He played in all 16 regular season contests gathering 28 tackles to go along with 3 tackles-for-loss, 5 quarterback hits, 2 pass breakups, 4 forced fumbles and 1 fumble recovery. Also played in all 3 postseason contests, recording 4 tackles and 1.5 sacks. He combined with Alex Brown for 19 sacks in 2006, the most by a Chicago DE duo since Richard Dent and Trace Armstrong recorded 24 sacks in 1993. Anderson has recorded 4 multiple-sack games in 16 career regular season games played. He registered 0.5 sack in Super Bowl XLI and 1.5 sacks among 4 tackles in 3 postseason contests. He also recovered a fumble in Super Bowl XLI. He was voted NFL Defensive Rookie of the month in October 2006.

The Bears released Anderson on October 5, 2010.

===Houston Texans===
On October 6, 2010, Anderson signed with the Houston Texans, where he was reunited with his college teammate, DeMeco Ryans.
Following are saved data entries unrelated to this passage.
Definition wf_word (n : nat) (w : word) : Prop :=
  Forall (fun l => 1 <= fst l /\ fst l <= n - 1) w.

Inductive braid_rel (n : nat) : word -> word -> Prop :=
| br_cancel : forall i b, 1 <= i <= n - 1 ->
    braid_rel n [(i, b); (i, negb b)] []
| br_far : forall i j b c, 1 <= i <= n - 1 -> 1 <= j <= n - 1 ->
    (i + 2 <= j \/ j + 2 <= i) ->
    braid_rel n [(i, b); (j, c)] [(j, c); (i, b)]
| br_braid : forall i, 1 <= i -> i + 1 <= n - 1 ->
    braid_rel n [(i, true); (i + 1, true); (i, true)]
                [(i + 1, true); (i, true); (i + 1, true)].

Inductive braid_step (n : nat) : word -> word -> Prop :=
| bs_ctx : forall a u v b, braid_rel n u v -> braid_step n (a ++ u ++ b) (a ++ v ++ b).

Definition braid_eq (n : nat) : word -> word -> Prop :=
  clos_refl_sym_trans word (braid_step n).

Definition braid := (nat * word)%type.

Inductive markov_step : braid -> braid -> Prop :=
| ms_eq : forall n w w', 1 <= n -> wf_word n w -> wf_word n w' ->
    braid_eq n w w' -> markov_step (n, w) (n, w')
| ms_conj : forall n w l, 1 <= n -> wf_word n w -> 1 <= fst l <= n - 1 ->
    markov_step (n, w) (n, [l] ++ w ++ [letter_inv l])
| ms_stab : forall n w b, 1 <= n -> wf_word n w ->
    markov_step (n, w) (n + 1, w ++ [(n, b)]).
===New England Patriots===
On August 5, 2011, Anderson signed with the New England Patriots. Mark had a rebound year in New England, recording 10 sacks for the Patriots in the regular season. Anderson recorded 1.5 sacks and 5 tackles in Super Bowl XLVI.

===Buffalo Bills===
On March 21, 2012, Anderson signed a four-year contract worth 20 million dollars with the Buffalo Bills.

In the 2012 season, Anderson had 12 combined tackles and 1 sack through 5 games. However, he suffered a season-ending knee injury against the San Francisco 49ers on October 7, 2012.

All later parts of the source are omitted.